Alternatively, you can use the package to import all components necessary for running the evaluation/generation workflows listed above.

The workflows used in the package have been designed to be fully modular. You
can easily switch between different prompts, models and checklists to use. You
can also write your own custom classes to extend the capability of this library.

Consult the [API documentation on Readthedocs](https://fixml.readthedocs.io/en/latest/)
for more information and example calls.

## Development Build

If you are interested in helping the development of this tool, or you would like
to get the cutting-edge version of this tool, you can install this tool via
conda.

To do this, ensure you have Miniconda/Anaconda installed on your system. You can
download miniconda
on [their official website](https://docs.anaconda.com/miniconda/).

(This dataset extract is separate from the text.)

(* Let $C$ be a concurrent vertex map with straight road map $(\{H^\alpha_p\},\{V^\beta_q\})$. (a) Let $\alpha\in V_{\rm target}$ and $1\le p\le u_\alpha$. Then the row coordinate of $P^\alpha_{pq'}$ is $p$ for all $q'\ge p+1+v_\alpha-u_\alpha$, and the row coordinate of $Q^\alpha_{pq'}$ is $p$ for all $q'\ge p+v_\alpha-u_\alpha$ (with $q'\le v_\alpha$). Consequently, for $q'\ge p+1+v_\alpha-u_\alpha$, the subpath $P^\alpha_{pq'}\rightsquigarrow Q^\alpha_{pq'}$ contains no horizontal NW corner, and $P^\alpha_{pq'}+(1,0)=Q^\alpha_{p+1,q'}$. (b) Let $\beta\in V_{\rm source}$ and $1\le q\le u_\beta$. Then the column coordinate of $Q^\beta_{p'q}$ is $q$ for all $p'\ge q+1+v_\beta-u_\beta$, and the column coordinate of $P^\beta_{p'q}$ is $q$ for all $p'\ge q+v_\beta-u_\beta$ (with $p'\le v_\beta$). Consequently, for $p'\ge q+1+v_\beta-u_\beta$, the subpath $Q^\beta_{p'q}\rightsquigarrow P^\beta_{p'q}$ contains no vertical NW corner, and $Q^\beta_{p'q}+(0,1)=P^\beta_{p',q+1}$.
   Context: Let $\mathcal{Q}$ be a bipartite quiver with vertex set $V_{\mathcal{Q}}=V_{\rm source}\sqcup V_{\rm target}$ and arrows $h_1,\dots,h_r$, each $h_k$ from $\mathrm{s}(h_k)\in V_{\rm source}$ to $\mathrm{t}(h_k)\in V_{\rm target}$. Let $\mathbf{m}=(m_\gamma)$, $\mathbf{u}=(u_\gamma)$ be tuples of nonnegative integers indexed by $V_{\mathcal{Q}}$. For $k=1,\dots,r$ let $X^{(k)}$ be an $m_{\mathrm{t}(h_k)}\times m_{\mathrm{s}(h_k)}$ matrix of variables $x^{(k)}_{ij}$ (page $k$). For $\alpha\in V_{\rm target}$ with $r_1<\dots<r_s$ the indices of arrows with target $\alpha$, $A_\alpha=[X^{(r_1)}|\cdots|X^{(r_s)}]$; for $\beta\in V_{\rm source}$ with $r'_1<\dots<r'_t$ the indices of arrows with source $\beta$, $A_\beta$ is the stack of $X^{(r'_1)},\dots,X^{(r'_t)}$ top to bottom. $a_\gamma\times b_\gamma$ is the size of $A_\gamma$; $v_\alpha=\sum_{k:\mathrm{t}(h_k)=\alpha}u_{\mathrm{s}(h_k)}$, $v_\beta=\sum_{k:\mathrm{s}(h_k)=\beta}u_{\mathrm{t}(h_k)}$. Standing assumption: $0<u_\gamma\le\min(a_\gamma,b_\gamma)$, $u_\alpha\le v_\alpha$, $u_\beta\le v_\beta$. $L=\{(i,j,k):1\le k\le r,1\le i\le m_{\mathrm{t}(h_k)},1\le j\le m_{\mathrm{s}(h_k)}\}$; $\phi_\gamma$ sends a position $(p,q)$ of $A_\gamma$ to $(i,j,k)$ if that entry is $x^{(k)}_{ij}$. Coordinates $(i,j)$: $i$ row (downward, north = decreasing $i$), $j$ column (eastward). Paths: lattice paths with unit steps east $(0,1)$ or north $(-1,0)$ from SW endpoint to NE endpoint; nonintersecting = no shared vertex. A corner $R$ is a NW corner if $R+(1,0),R+(0,1)$ are on the path. A road map: for each $\alpha$ nonintersecting paths $H^\alpha_1,\dots,H^\alpha_{u_\alpha}$ in $A_\alpha$, $H^\alpha_p$ with endpoints $(a_\alpha-u_\alpha+p,1)$, $(p,b_\alpha)$; for each $\beta$ nonintersecting paths $V^\beta_1,\dots,V^\beta_{u_\beta}$ in $A_\beta$, $V^\beta_q$ with endpoints $(1,b_\beta-u_\beta+q)$, $(a_\beta,q)$; vertices are regarded as points of $L$ via $\phi_\gamma$. Straight: each corner of a horizontal path lies on a vertical path and vice versa. A concurrent vertex map is a set $C\subseteq L$ which, for some straight road map (its road map), equals the set of $(i,j,k)$ lying on some $H^{\mathrm{t}(h_k)}_p$ and some $V^{\mathrm{s}(h_k)}_q$. For $\alpha$, the paths $V^{\mathrm{s}(h_{r_1})}_1,\dots,V^{\mathrm{s}(h_{r_1})}_{u_{\mathrm{s}(h_{r_1})}},\dots,V^{\mathrm{s}(h_{r_s})}_{u_{\mathrm{s}(h_{r_s})}}$, restricted to their pages and transported into $A_\alpha$ via $\phi_\alpha^{-1}\circ\phi_{\mathrm{s}(h_{r_\ell})}$, are called $V^\alpha_1,\dots,V^\alpha_{v_\alpha}$ in this order; $H^\alpha_p\cap V^\alpha_q$ is a nonempty connected subpath with SW endpoint $P^\alpha_{pq}$ and NE endpoint $Q^\alpha_{pq}$ (coordinates taken in $A_\alpha$). Symmetrically for $\beta$, the paths $H^{\mathrm{t}(h_{r'_1})}_1,\dots,H^{\mathrm{t}(h_{r'_t})}_{u_{\mathrm{t}(h_{r'_t})}}$ transported into $A_\beta$ are $H^\beta_1,\dots,H^\beta_{v_\beta}$, and $P^\beta_{pq},Q^\beta_{pq}$ are the SW and NE endpoints of $H^\beta_p\cap V^\beta_q$ (coordinates in $A_\beta$). A horizontal NW corner is a point of $C$ of the form $\phi_\alpha(P)$ with $P$ a NW corner of some $H^\alpha_p$; a vertical NW corner is $\phi_\beta(P)$ with $P$ a NW corner of some $V^\beta_q$; a subpath ''contains'' such a corner if the corresponding point $P$ lies on it. *)

From mathcomp Require Import all_boot.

1. Clone this repository from GitHub:
```bash
$ git clone git@github.com:UBC-MDS/fixml.git
```

2. Create a conda environment:

```bash
$ conda env create -f environment.yaml
```

3. Activate the newly created conda environment (default name `fixml`):

```bash
$ conda activate fixml
```

4. Use `poetry` which is preinstalled in the conda environment to create a local package install:

```bash
$ poetry install
```

5. You now should be able to run `fixml`, try:
```bash
fixml --help
```

## Rendering API Documentation

Make sure you have installed dev dependencies listed in `pyproject.toml`.

```bash
cd docs/

python -m sphinx -T -b html  -D language=en . _build
```

## Running the Tests

Navigate to the project root directory and use the following command in terminal
to run the test suite:

```bash
# skip integration tests
$ pytest -m "not integeration"

# run ALL tests, which requires OPENAI_API_KEY to be set
$ pytest
```

## Contributing

Interested in contributing? Check out the contributing guidelines. Please note
that this project is released with a Code of Conduct. By contributing to this
project, you agree to abide by its terms.

## License

`fixml` was created by John Shiu, Orix Au Yeung, Tony Shum, and Yingzi Jin as a
deliverable product during our capstone project of the UBC-MDS program in
collaboration with Dr. Tiffany Timbers and Dr. Simon Goring. It is licensed
under the terms of the MIT license for software code. Reports and instructional
materials are licensed under the terms of the CC-BY 4.0 license.

## Citation

If you use fixml in your work, please cite:

```
@misc{mds2024fixml,
  author =       {John Shiu, Orix Au Yeung, Tony Shum, and Yingzi Jin},
  title =        {fixml: A Comprehensive Tool for Test Evaluation and Specification Generation},
  howpublished = {\url{https://https://github.com/UBC-MDS/fixml}},
  year =         {2024}
}
```

## Acknowledgements
We'd like to thank everyone who has contributed to the development of
the `fixml` package. This is a new project aimed at enhancing the robustness and
reproducibility of applied machine learning software. It is meant to be a
research tool and is currently hosting on GitHub as an open source project. We
welcome it to be read, revised, and supported by data scientists, machine
learning engineers, educators, practitioners, and hobbyists alike. Your
contributions and feedback are invaluable in making this package a reliable
resource for the community. 

Special thanks to the University of British Columbia (UBC) and the University of
Wisconsin-Madison for their support and resources. We extend our gratitude to
Dr. Tiffany Timbers and Dr. Simon Goringfor their guidance and expertise, which
have been instrumental in the development of this project.